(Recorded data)
****************************************
Lemma pullback_cusp : pullback cusp = 0.
Proof.
rewrite /pullback rmorphB /= [X in X - _]rmorphXn [X in _ - X]rmorphM /= rmorphXn /=.
by rewrite !mmapX !mmap1U /= expr1n mul1r subrr.
Qed.

Lemma cusp_homog : cusp \is 3.-homog.
Proof.
have homX i : ('X_i : {mpoly C[3]}) \is 1.-homog by rewrite dhomogX /= mdeg1.
by rewrite rpredB ?(dhomogMn 3 (homX i1)) ?(dhomogM (dhomogMn 2 (homX i0)) (homX i2)).
Qed.

Definition cusp_reduce m : 'X_{1..3} :=
  [multinom (if (i : nat) == 0%N then (m i0 + 2 * (m i1 %/ 3))%N
             else if (i : nat) == 1%N then (m i1 %% 3)%N else (m i2 + m i1 %/ 3)%N) | i < 3].

Lemma cusp_reduceE m :
  [/\ cusp_reduce m i0 = (m i0 + 2 * (m i1 %/ 3))%N, cusp_reduce m i1 = (m i1 %% 3)%N
    & cusp_reduce m i2 = (m i2 + m i1 %/ 3)%N].
Proof. by rewrite !mnmE. Qed.

Lemma mdeg_cusp_reduce m : mdeg (cusp_reduce m) = mdeg m.
Proof. by have [r0 r1 r2] := cusp_reduceE m; rewrite !mdeg3 r0 r1 r2 {3}(divn_eq (m i1) 3); lia. Qed.

Lemma mpolyX3 m : 'X_[m] = 'X_i0 ^+ m i0 * 'X_i1 ^+ m i1 * 'X_i2 ^+ m i2 :> {mpoly C[3]}.
Proof. by rewrite mpolyXE_id big_ord3. Qed.

Lemma cusp_reduce_monomial m : exists H, 'X_[m] = cusp * H + 'X_[cusp_reduce m].
Proof.
have [r0 r1 r2] := cusp_reduceE m.
set q := (m i1 %/ 3)%N; set r := (m i1 %% 3)%N.
pose S : {mpoly C[3]} := \sum_(k < q) ('X_i1 ^+ 3) ^+ (q.-1 - k) * ('X_i0 ^+ 2 * 'X_i2) ^+ k.
exists ('X_i0 ^+ m i0 * 'X_i1 ^+ r * 'X_i2 ^+ m i2 * S).
rewrite (mpolyX3 m) (mpolyX3 (cusp_reduce m)) r0 r1 r2 {1}(divn_eq (m i1) 3) -/q -/r mulnC.
by rewrite monomial_shift_identity subrXX mulrCA.
Qed.

Definition cusp_rem F : {mpoly C[3]} := \sum_(m <- msupp F) F@_m *: 'X_[cusp_reduce m].

Lemma cusp_division F : exists H, F = cusp * H + cusp_rem F.
Proof.
rewrite {1}(mpolyE F) /cusp_rem; elim: (msupp F) => [|m s [H IH]].
  by exists 0; rewrite !big_nil mulr0 addr0.
have [Hm Xm] := cusp_reduce_monomial m.
exists (F@_m *: Hm + H); rewrite !big_cons IH Xm mulrDr -scalerAr scalerDr.
by rewrite addrACA.
Qed.

Lemma cusp_rem_homog F d : F \is d.-homog -> cusp_rem F \is d.-homog.
Proof.
move=> /dhomogP Fd; rewrite /cusp_rem big_seq; apply: rpred_sum => m mF.
by rewrite rpredZ // dhomogX /= mdeg_cusp_reduce Fd.
Qed.

Lemma cusp_rem_reduced F m : m \in msupp (cusp_rem F) -> (m i1 < 3)%N.
Proof.
move=> /msupp_sum_le /flattenP [_ /mapP [m' _ ->]] /msuppZ_le.
by rewrite msuppX inE => /eqP ->; have [_ -> _] := cusp_reduceE m'; rewrite ltn_mod.
Qed.

Lemma pullback_cusp_rem F : pullback (cusp_rem F) = pullback F.
Proof.
have [H {2}->] := cusp_division F.
by rewrite pullbackD pullbackM pullback_cusp mul0r add0r.
Qed.

(* A monomial of degree [d] with [m i1 < 3] is determined by the exponent
   [m i1 + 3 * m i2] of its pullback, so no cancellation can occur. *)
Lemma pullback_reduced_eq0 F d : F \is d.-homog -> {in msupp F, forall m, m i1 < 3}%N ->
  pullback F = 0 -> F = 0.
Proof.
move=> /dhomogP Fd Fred F0; apply/mpolyP => M; rewrite mcoeff0.
have [MF|/memN_msupp_eq0 //] := boolP (M \in msupp F).
have := congr1 (coefp (M i1 + 3 * M i2)) F0; rewrite /= coef0 pullback_coef.
rewrite (bigD1_seq M) ?msupp_uniq //= eqxx mulr1 big1_seq ?addr0 // => m /andP [mM mF].
have md : mdeg m = d := Fd m mF; have Md : mdeg M = d := Fd M MF.
have m3 := Fred m mF; have M3 := Fred M MF; rewrite !mdeg3 in md Md.
case: eqP => [e|]; last by rewrite mulr0.
case/eqP: mM; apply/mnmP => i; case: (ord3P i) => ->; lia.
Qed.

Lemma cusp_nonconst : ~~ (msize (cusp : {mpoly C[3]}) <= 1)%N.
Proof.
apply/negP => /msize1_polyC cuspC.
have ev (x : 'I_3 -> C) : cusp.@[x] = x i1 ^+ 3 - x i0 ^+ 2 * x i2.
  by rewrite /cusp !exprS !expr0 mevalB !mevalM !mevalXU meval1.
have := congr1 (meval (fun i => (i == i1)%:R)) cuspC.
have := congr1 (meval (fun=> 0)) cuspC.
rewrite !mevalC !ev /= expr1n !mulr0 !subr0 exprS mul0r => <-; apply/eqP.
exact: oner_neq0.
Qed.

Lemma irreducible_pullback_eq0 F d : irreducible_form F d -> pullback F = 0 ->
  exists2 c, c != 0 & F = c *: cusp /\ d = 3%N.
Proof.
case=> d_gt0 F0 Fd Firr PF0.
have [H FE] := cusp_division F.
have rem0 : cusp_rem F = 0.
  apply: (pullback_reduced_eq0 (cusp_rem_homog Fd)); first exact: cusp_rem_reduced.
  by rewrite pullback_cusp_rem.
rewrite rem0 addr0 in FE.
have [le1|H1] := Firr _ _ FE; first by case/negP: cusp_nonconst.
have HC := msize1_polyC H1.
have {}FE : F = H@_0 *: cusp by rewrite {1}FE {1}HC mulrC mul_mpolyC.
have c0 : H@_0 != 0 by apply: contraNneq F0 => c0; rewrite FE c0 scale0r.
exists H@_0 => //; split => //.
apply: (dhomog_uniq F0 Fd); rewrite FE dhomogZ //; exact: cusp_homog.
Qed.

Lemma local_eq_cusp (c t : C) : local_eq (c *: cusp) t = (- c) *: 'X_w1.
Proof.
rewrite /local_eq comp_mpolyZ /cusp !exprS !expr0 !mulr1 rmorphB /= !rmorphM /= !comp_mpolyXU /=.
rewrite -!mul_mpolyC mpolyCN; ring.
Qed.

Lemma inf_mult_cusp (c t : C) r : c != 0 -> inf_mult (c *: cusp) t r = 1%N.
Proof.
rewrite -oppr_eq0 /inf_mult local_eq_cusp => c0.
have supp : msupp ((- c) *: 'X_w1 : {mpoly C[2]}) = [:: U_(w1)%MM] by exact: msuppMCX.
have ord1 : ord_at0 ((- c) *: 'X_w1) = 1%N.
  rewrite /ord_at0 supp /= mdeg1; apply/minn_idPl.
  by apply: leq_trans (msize_mdeg_lt _); rewrite ?supp ?mem_seq1.
have step_fix : blowup_step ((- c) *: 'X_w1) = (- c) *: 'X_w1.
  rewrite /blowup_step supp big_seq1 mcoeffZ mcoeffX eqxx mulr1 ord1 mdeg1.
  by rewrite subnn expr0 mul1r mnm1E eqxx expr1.
suff -> : iter r (@blowup_step C) ((- c) *: 'X_w1) = (- c) *: 'X_w1 by [].
by elim: r => //= r ->.
Qed.

End CuspidalCubic.

Section RootsOfClosedFieldPolynomials.
Variable C : closedFieldType.

Lemma poly_eq_lead_prod_roots (P : {poly C}) (L : seq C) :
  P != 0 -> (size P <= (size L).+1)%N -> (forall z, count_mem z L <= mup z P)%N ->
  P = lead_coef P *: \prod_(w <- L) ('X - w%:P).
Proof.
move=> P0 sizeP Lmup; have [rs Prs] := closed_field_poly_normal P.
have lc0 : lead_coef P != 0 by rewrite lead_coef_eq0.
have mupP z : mup z P = count_mem z rs.
  by rewrite Prs -mul_polyC mupMr ?mu_prod_XsubC // rootC.
have [s sub_s perm_Ls] : exists2 s, subseq s rs & perm_eq L s.
  by apply/count_subseqP => z; rewrite -mupP.
have size_rs : size P = (size rs).+1 by rewrite Prs size_scale // size_prod_XsubC.
have /eqP s_rs : s == rs.
  rewrite -(size_subseq_leqif sub_s) eqn_leq size_subseq //= -(perm_size perm_Ls).
  by rewrite -ltnS -size_rs.
by rewrite (perm_big _ perm_Ls) s_rs -Prs.
Qed.

Lemma sum_roots_eq0 (P : {poly C}) (L : seq C) :
  P != 0 -> (size P <= (size L).+1)%N -> (forall z, count_mem z L <= mup z P)%N ->
  size L != 0%N -> P`_(size L).-1 = 0 -> \sum_(w <- L) w = 0.
Proof.
move=> P0 sizeP Lmup L0; rewrite (poly_eq_lead_prod_roots P0 sizeP Lmup).
rewrite coefZ coefPn_prod_XsubC // mulrN => /eqP; rewrite oppr_eq0 mulf_eq0.
by rewrite lead_coef_eq0 (negbTE P0) => /eqP.
Qed.

End RootsOfClosedFieldPolynomials.

Section Ranks.
Variables (N : nat) (S : {set 'I_N}).

Definition rank_in (i : 'I_N) : nat := #|[set j in S | (j < i)%N]|.

Lemma rank_in_lt i : i \in S -> (rank_in i < #|S|)%N.
Proof.
move=> iS; apply: proper_card; apply/properP; split; last by exists i; rewrite ?inE ?ltnn ?andbF.
by apply/subsetP => j; rewrite inE => /andP [].
Qed.

Lemma rank_in_mono (i k : 'I_N) : i \in S -> (i < k)%N -> (rank_in i < rank_in k)%N.
Proof.
move=> iS ik; apply: proper_card; apply/properP; split; last first.
  by exists i; rewrite !inE ?iS ?ik ?ltnn ?andbF.
by apply/subsetP => j; rewrite !inE => /andP [-> /ltn_trans]; apply.
Qed.

Lemma sum_rank_in (g : nat -> nat) :
  (\sum_(i in S) g (rank_in i) = \sum_(r < #|S|) g r)%N.
Proof.
have rank_inj : {in S &, injective rank_in}.
  move=> i k iS kS eq_ik; apply: val_inj; case: (ltngtP i k) => // [ik|ki].
    by have := rank_in_mono iS ik; rewrite eq_ik ltnn.
  by have := rank_in_mono kS ki; rewrite eq_ik ltnn.
have ranks : perm_eq [seq rank_in i | i <- enum S] (iota 0 #|S|).
  have uniq_ranks : uniq [seq rank_in i | i <- enum S].
    by rewrite map_inj_in_uniq ?enum_uniq // => i k; rewrite !mem_enum; apply: rank_inj.
  have sub_iota : {subset [seq rank_in i | i <- enum S] <= iota 0 #|S|}.
    by move=> r /mapP [i iS ->]; rewrite mem_iota add0n rank_in_lt // -mem_enum.
  have size_le : (size (iota 0 #|S|) <= size [seq rank_in i | i <- enum S])%N.
    by rewrite size_map size_iota cardE.
  apply: uniq_perm; rewrite ?iota_uniq //.
  exact: (uniq_min_size uniq_ranks sub_iota size_le).2.
rewrite -big_enum -(big_map _ xpredT) (perm_big _ ranks).
by rewrite -{1}(subn0 #|S|) -/(index_iota 0 #|S|) big_mkord.
Qed.

End Ranks.

Section CurveClasses.
Variables (R : realType) (n : nat) (v : 'I_n.+1 -> R[i]).

Definition class_vec (d : nat) (m : 'I_n.+1 -> nat) : lat n :=
  [ffun i : 'I_n.+1 => if (i : nat) == 0%N then (d : int) else - (m i : int)].

Lemma mdot_class_vec (d : nat) (m : 'I_n.+1 -> nat) (y : lat n) :
  mdot (class_vec d m) y = d%:Z * y ord0 + \sum_(i < n.+1 | i != ord0) (m i)%:Z * y i.
Proof.
rewrite /mdot (bigD1 ord0) //= ffunE /msign /= mul1r; congr (_ + _).
apply: eq_bigr => i i_neq0; rewrite ffunE /msign -val_eqE /= in i_neq0 *.
by rewrite (negbTE i_neq0) mulN1r opprK.
Qed.

Lemma mdotC_class_vec (d : nat) (m : 'I_n.+1 -> nat) :
  mdotC (class_vec d m) v = d%:R * v ord0 + \sum_(i < n.+1 | i != ord0) (m i)%:R * v i.
Proof.
rewrite /mdotC (bigD1 ord0) //= ffunE /msign /= mul1r; congr (_ + _).
apply: eq_bigr => i i_neq0; rewrite ffunE /msign -val_eqE /= in i_neq0 *.
by rewrite (negbTE i_neq0) mulN1r opprK.
Qed.

Lemma mdot_class_vec_canon (d : nat) (m : 'I_n.+1 -> nat) :
  mdot (class_vec d m) (canon n) = (\sum_(i < n.+1 | i != ord0) m i)%:R - (3 * d)%:R.
Proof.
rewrite mdot_class_vec ffunE /= natr_sum natrM !natz mulrN mulrC addrC; congr (_ - _).
apply: eq_bigr => i i_neq0; rewrite ffunE -val_eqE /= in i_neq0 *.
by rewrite (negbTE i_neq0) mulr1 natz.
Qed.

Lemma mdot_class_vec_norm (d : nat) (m : 'I_n.+1 -> nat) :
  mdot (class_vec d m) (class_vec d m) = (d * d)%:R - (\sum_(i < n.+1 | i != ord0) m i * m i)%:R.
Proof.
rewrite mdot_class_vec ffunE /= natr_sum natrM !natz -sumrN; congr (_ + _).
apply: eq_bigr => i i_neq0; rewrite ffunE -val_eqE /= in i_neq0 *.
by rewrite (negbTE i_neq0) mulrN natrM !natz.
Qed.

Section IrreducibleCurve.
Variables (F : {mpoly R[i][3]}) (d : nat).
Hypothesis irrF : irreducible_form F d.

Let mult (i : 'I_n.+1) : nat := inf_mult F (tau v i) (rank0 v i).

Lemma mult_sum_le_mup z : pullback F != 0 ->
  (\sum_(i < n.+1 | (i != ord0) && (tau v i == z)) mult i <= mup z (pullback F))%N.
Proof.
move=> PF0; set S := [set i : 'I_n.+1 | (i != ord0) && (tau v i == z)].
have -> : (\sum_(i < n.+1 | (i != ord0) && (tau v i == z)) mult i =
           \sum_(i in S) inf_mult F z (rank_in S i))%N.
  apply: eq_big => [i|i /andP [_ /eqP tz]]; first by rewrite inE.
  rewrite /mult /rank0 /rank_in tz; congr inf_mult; apply: eq_card => j.
  by rewrite !inE andbAC lt0n.
rewrite sum_rank_in mup_geq //; exact: pullback_inf_mult_dvd.
Qed.

Lemma sum_tau_mult_eq0 : pullback F != 0 ->
  (\sum_(i < n.+1 | i != ord0) mult i = 3 * d)%N ->
  \sum_(i < n.+1 | i != ord0) tau v i *+ mult i = 0.
Proof.
move=> PF0 sum_mult; have [d_gt0 _ Fd _] := irrF.
pose L := flatten
  [seq nseq (mult i) (tau v i) | i <- [seq i <- index_enum 'I_n.+1 | i != ord0]].
have sizeL : size L = (3 * d)%N.
  rewrite size_flatten /shape -map_comp sumnE big_map big_filter -sum_mult.
  by apply: eq_bigr => i _; rewrite /= size_nseq.
have countL z : count_mem z L = (\sum_(i < n.+1 | (i != ord0) && (tau v i == z)) mult i)%N.
  rewrite count_flatten -map_comp sumnE big_map big_filter big_mkcondr /=.
  by apply: eq_bigr => i _; rewrite count_nseq /=; case: (_ == _); rewrite ?mul1n ?mul0n.
have <- : \sum_(w <- L) w = \sum_(i < n.+1 | i != ord0) tau v i *+ mult i.
  rewrite big_flatten /= big_map big_filter; apply: eq_bigr => i _.
  by elim: (mult i) => [|k IHk]; rewrite ?big_nil //= big_cons IHk mulrS.
apply: (sum_roots_eq0 PF0); rewrite ?sizeL ?size_pullback -?lt0n ?muln_gt0 //.
  by move=> z; rewrite countL; exact: mult_sum_le_mup.
exact: pullback_coef_pred.
Qed.

Lemma root_class_pullback_neq0 : mdot (class_vec d mult) (canon n) = 0 ->
  mdot (class_vec d mult) (class_vec d mult) = -2 -> pullback F != 0.
Proof.
rewrite mdot_class_vec_canon mdot_class_vec_norm !natz => sum_m sum_m2.
apply/negP => /eqP /(irreducible_pullback_eq0 irrF) [c c0 [FE d3]].
have mult1 i : mult i = 1%N by rewrite /mult FE inf_mult_cusp.
have : (\sum_(i < n.+1 | i != ord0) mult i * mult i = \sum_(i < n.+1 | i != ord0) mult i)%N.
  by apply: eq_bigr => i _; rewrite mult1.
lia.
Qed.

Lemma class_vec_mdotC : mdot (class_vec d mult) (canon n) = 0 ->
  mdot (class_vec d mult) (class_vec d mult) = -2 -> mdotC (class_vec d mult) v = 0.
Proof.
move=> aK aa; have PF0 := root_class_pullback_neq0 aK aa.
have sum_m : (\sum_(i < n.+1 | i != ord0) mult i = 3 * d)%N.
  by move: aK; rewrite mdot_class_vec_canon !natz; lia.
have := sum_tau_mult_eq0 PF0 sum_m.
rewrite (eq_bigr (fun i => - ((mult i)%:R * v i) - (mult i)%:R * (v ord0 / 3%:R))); last first.
  by move=> i _; rewrite /tau -mulr_natl; ring.
rewrite sumrB sumrN -mulr_suml -natr_sum sum_m => /eqP; rewrite subr_eq0 => /eqP sum_mv.
by rewrite mdotC_class_vec -[X in _ + X]opprK sum_mv natrM; field.
Qed.

End IrreducibleCurve.

End CurveClasses.

Lemma curve_class_mdotC (R : realType) (n : nat) (v : 'I_n.+1 -> R[i]) (a : lat n) :
  curve_class v a -> mdot a (canon n) = 0 -> mdot a a = -2 -> mdotC a v = 0.
Proof. by case=> F [d [irrF ->]]; apply: class_vec_mdotC. Qed.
****************************************
**REQUIRED WORK:** Reproduce only the lines above, starting at the line with "suff -> : iter" and ending at the line with "have mupP z : mup z P = count_mem z rs.", exactly as written.

**OUTPUT FOR THIS TASK:**
suff -> : iter r (@blowup_step C) ((- c) *: 'X_w1) = (- c) *: 'X_w1 by [].
by elim: r => //= r ->.
Qed.

End CuspidalCubic.

Section RootsOfClosedFieldPolynomials.
Variable C : closedFieldType.

Lemma poly_eq_lead_prod_roots (P : {poly C}) (L : seq C) :
  P != 0 -> (size P <= (size L).+1)%N -> (forall z, count_mem z L <= mup z P)%N ->
  P = lead_coef P *: \prod_(w <- L) ('X - w%:P).
Proof.
move=> P0 sizeP Lmup; have [rs Prs] := closed_field_poly_normal P.
have lc0 : lead_coef P != 0 by rewrite lead_coef_eq0.
have mupP z : mup z P = count_mem z rs.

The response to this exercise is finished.